Il grido di Matambo


“Che faresti se un giorno venissero a casa tua e ti dicessero che sarà sommersa?”.

Il soggetto

Gigante è un piccolo paesino popolato da agricoltori. Il nome deriva da una leggenda che parla di un gigante di cui si può indovinare il profilo del volto, che guarda le nuvole disteso sulla cordigliera. Al mio arrivo mi è stata posta una domanda, che frantumava qualsiasi altro ragionamento politico, economico o giuridico e colpiva dritto al cuore il problema che si stava vivendo nella zona. “Che faresti se un giorno venissero a casa tua e ti dicessero che sarà sommersa?” E’ già, che faresti? Chiederei, mi informerei, mi arrabbierei, mi difenderei con le unghie e con i denti.

Siamo in Colombia, nella valle del Magdalena, il fiume che ha ospitato le inquietudini amorose di Florentino Ariza raccontate da Gabriel Garcia Marquez nell’Amore ai Tempi del Colera, nel cuore del continente, una regione che si chiama Huila.

Qui, per dar vita a un enorme progetto idroelettrico verranno sommersi 8.500 ettari di terra, tra cui boschi secchi equatoriali, ricche coltivazioni di riso, manioca, cacao, papaya, mango, vestigia dei popoli che abitavano quelle terre prima che l’avventura di Colombo si trasformasse in genocidio.

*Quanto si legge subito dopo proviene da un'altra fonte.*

Lemma dim_limg_idem m n (f : {linear 'M[F]_(m, n) -> 'M[F]_(m, n)}) :
  (forall A, f (f A) = f A) -> (\dim (limg (linfun f)))%:R = \tr (lin_mx f).
Proof.
move=> ff; rewrite dim_limg_lin_mx mxtrace_idem //.
by apply/row_matrixP => i; rewrite !rowE mulmxA !mul_rV_lin /= mxvecK ff.
Qed.

End MatrixSpaces.

Section HomSpace.
Variables (F : fieldType) (gT : finGroupType) (G : {group gT}).

Lemma sumr_mulgr (V : nmodType) x (h : gT -> V) :
  x \in G -> \sum_(g in G) h (g * x)%g = \sum_(g in G) h g.
Proof.
move=> Gx; rewrite [RHS](reindex_inj (mulIg x)) /=.
by apply: eq_bigl => g; rewrite groupMr.
Qed.

Lemma sumr_invg (V : nmodType) (h : gT -> V) :
  \sum_(g in G) h (g^-1)%g = \sum_(g in G) h g.
Proof.
by rewrite [RHS](reindex_inj invg_inj); apply: eq_bigl => g; rewrite /= groupV.
Qed.

Definition hom_space m n (s : mx_representation F G m) (r : mx_representation F G n) :
    {vspace 'M[F]_(m, n)} :=
  (\bigcap_(g in G) lker (linfun (fun A : 'M[F]_(m, n) => A *m r g - s g *m A)))%VS.

Lemma hom_spaceP m n (s : mx_representation F G m) (r : mx_representation F G n) A :
  reflect (forall g, g \in G -> A *m r g = s g *m A) (A \in hom_space s r).
Proof.
have linE g : linear (fun A : 'M[F]_(m, n) => A *m r g - s g *m A).
  move=> a B1 B2; rewrite mulmxDl mulmxDr -scalemxAl -scalemxAr.
  by rewrite scalerBr addrACA opprD.
rewrite memvE; apply: (iffP subv_bigcapP) => homA g Gg.
  by move: (homA g Gg); rewrite -memvE memv_ker linfun_linE // subr_eq0 => /eqP.
by rewrite -memvE memv_ker linfun_linE // subr_eq0 homA.
Qed.

Section Averaging.
Hypothesis F'G : ([pchar F]^'.-group G)%g.
Variables (m n : nat) (s : mx_representation F G m) (r : mx_representation F G n).

Definition hom_avg (A : 'M[F]_(m, n)) : 'M[F]_(m, n) :=
  #|G|%:R^-1 *: \sum_(g in G) s (g^-1)%g *m A *m r g.

Fact hom_avg_is_linear : linear hom_avg.
Proof.
move=> a A B; rewrite /hom_avg scalerA mulrC -scalerA -scalerDr; congr (_ *: _).
rewrite scaler_sumr -big_split; apply: eq_bigr => g _ /=.
by rewrite mulmxDr mulmxDl -scalemxAr -scalemxAl.
Qed.

HB.instance Definition _ :=
  GRing.isLinear.Build F 'M[F]_(m, n) 'M[F]_(m, n) _ hom_avg hom_avg_is_linear.

Lemma hom_avg_hom A : hom_avg A \in hom_space s r.
Proof.
apply/hom_spaceP => h Gh; rewrite -scalemxAl -scalemxAr; congr (_ *: _).
rewrite mulmx_suml mulmx_sumr -(sumr_mulgr _ (groupVr Gh)).
apply: eq_bigr => g Gg.
rewrite invMg invgK repr_mxM ?groupV // -!mulmxA -repr_mxM ?groupV ?mulgKV //.
by rewrite groupM ?groupV.
Qed.

Lemma hom_avg_id A : A \in hom_space s r -> hom_avg A = A.
Proof.
move/hom_spaceP => homA; rewrite /hom_avg (eq_bigr (fun _ => A)) => [|g Gg].
  by rewrite sumr_const -scaler_nat scalerA mulVf ?scale1r // -pcharf'_nat.
by rewrite -mulmxA homA // mulmxA -repr_mxM ?groupV // mulVg repr_mx1 mul1mx.
Qed.

Lemma hom_space_limg : hom_space s r = limg (linfun hom_avg).
Proof.
apply/vspaceP => A; apply/idP/idP => [homA | /memv_imgP [B _ ->]].
  by rewrite -(hom_avg_id homA) -lfunE memv_img ?memvf.
by rewrite lfunE hom_avg_hom.
Qed.

Lemma dim_hom_space :
  (\dim (hom_space s r))%:R =
    #|G|%:R^-1 * \sum_(g in G) \tr (s (g^-1)%g) * \tr (r g).
Proof.
have avgK A : hom_avg (hom_avg A) = hom_avg A by rewrite hom_avg_id ?hom_avg_hom.
rewrite hom_space_limg dim_limg_idem // mxtrace_lin_mx.
under eq_bigr => a _ do under eq_bigr => b _ do
  rewrite /hom_avg mxE summxE (eq_bigr _ (fun g _ => mul_delta_mxE _ _ _ _ _ _)).
under eq_bigr => a _ do rewrite -mulr_sumr.
rewrite -mulr_sumr; congr (_ * _).
under eq_bigr => a _ do rewrite exchange_big.
rewrite exchange_big; apply: eq_bigr => g Gg.
by rewrite /mxtrace mulr_suml; apply: eq_bigr => a _; rewrite mulr_sumr.
Qed.

End Averaging.
End HomSpace.

Section Schur.
Variables (F : fieldType) (gT : finGroupType) (G : {group gT}).

Lemma hom_irr_rsim m n (s : mx_representation F G m) (r : mx_representation F G n) A :
    mx_irreducible s -> mx_irreducible r -> A \in hom_space s r -> A != 0 ->
  mx_rsim s r.
Proof.
move=> /mx_irrP[_ irr_s] /mx_irrP[_ irr_r] /hom_spaceP homA nzA.
have A_full : row_full A.
  rewrite -(eq_row_full (genmxE A)) irr_r // -?mxrank_eq0 ?genmxE ?mxrank_eq0 //.
  rewrite (eqmx_module _ (genmxE A)); apply/mxmoduleP => g Gg.
  by rewrite homA // submxMl.
have A_free : row_free A.
  rewrite -kermx_eq0; apply: contraNT nzA => nzK.
  have kerA_mod : mxmodule s (kermx A).
    apply/mxmoduleP => g Gg; apply/sub_kermxP.
    by rewrite -mulmxA -homA // mulmxA mulmx_ker mul0mx.
  by rewrite -(mul1mx A); apply/eqP/sub_kermxP; rewrite sub1mx irr_s.
exists A => // [|g Gg]; last by rewrite homA.
by move: A_full A_free; rewrite /row_full /row_free => /eqP-> /eqP.
Qed.

Lemma dim_hom_space_abs_irr n (r : mx_representation F G n) :
  mx_absolutely_irreducible r -> \dim (hom_space r r) = 1%N.
Proof.
move=> abs_r; have [n_gt0 _] := mx_abs_irrP abs_r.
have -> : hom_space r r = <[1%:M]>%VS.
  apply/vspaceP => A; apply/idP/idP => [/hom_spaceP homA | /vlineP[a ->]].
    have /is_scalar_mxP[a ->] : is_scalar_mx A.
      by apply: (mx_abs_irr_cent_scalar abs_r); apply/centgmxP => g Gg; rewrite homA.
    by rewrite -[a%:M]scalemx1; apply: memvZ; apply: memv_line.
  by apply: memvZ; apply/hom_spaceP => g Gg; rewrite mul1mx mulmx1.
by rewrite dim_vline -mxrank_eq0 mxrank1 -lt0n n_gt0.
Qed.

End Schur.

Ma anche case, sogni, progetti di vita e storie di lotte agrarie.

Nulla vale come un affare che, mascherato da sviluppo, non cessa di mostrare la sua faccia da saccheggio.

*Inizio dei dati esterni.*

(* For every $k$-ring $R$, the category $R$-$\mathcal{U}Mod$ of left $R$-$k$-modules is complete and cocomplete.
   Context: $\mathcal{U}$ is the category of compactly generated weakly Hausdorff spaces (with products the $k$-ified products). A $k$-ring is a ring $R$ with a compactly generated weakly Hausdorff topology making $R$ an abelian group object in $\mathcal{U}$ and multiplication $R\times R\to R$ continuous. A left $R$-$k$-module is a left $R$-module with a compactly generated weakly Hausdorff topology making addition $A\times A\to A$ and the action $R\times A\to A$ continuous (products in $\mathcal{U}$); morphisms are continuous $R$-linear maps. *)

From Stdlib Require List.
From HB Require Import structures.
From mathcomp Require Import all_boot all_order all_algebra.
Set Implicit Arguments. Unset Strict Implicit. Unset Printing Implicit Defensive.
Import GRing.Theory.
Local Open Scope ring_scope.

Record topology (X : Type) := Topology {
  open : (X -> Prop) -> Prop;
  open_full : open (fun _ => True);
  open_inter : forall U V, open U -> open V -> open (fun x => U x /\ V x);
  open_union : forall F : (X -> Prop) -> Prop,
      (forall U, F U -> open U) -> open (fun x => exists U, F U /\ U x)
}.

L’idea del progetto risale agli anni ’70, miraggio di benessere per un paese che non riusciva a uscire dalla guerra civile, ma viene accantonata. Viene ripresa nel 1997, ma il Ministero dell’Ambiente di allora la dichiara infattibile, per via degli eccessivi costi economici e sociali che la sua realizzazione avrebbe comportato al paese, in quanto la zona dove sorgerebbe il bacino idrico ospita una agricoltura e un allevamento floridi, che garantiscono benessere ai suoi abitanti e al paese intero. Una meraviglia che non conviene mutare.

10 anni dopo, il governo di Alvaro Uribe Velez cambia idea: il progetto risponde alla politica di aumento delle esportazioni di risorse naturali ed energia e si conforma alla necessità di aprire agli investimenti stranieri. La diga si farà perché sì, spiega esaustivamente il presidente Uribe.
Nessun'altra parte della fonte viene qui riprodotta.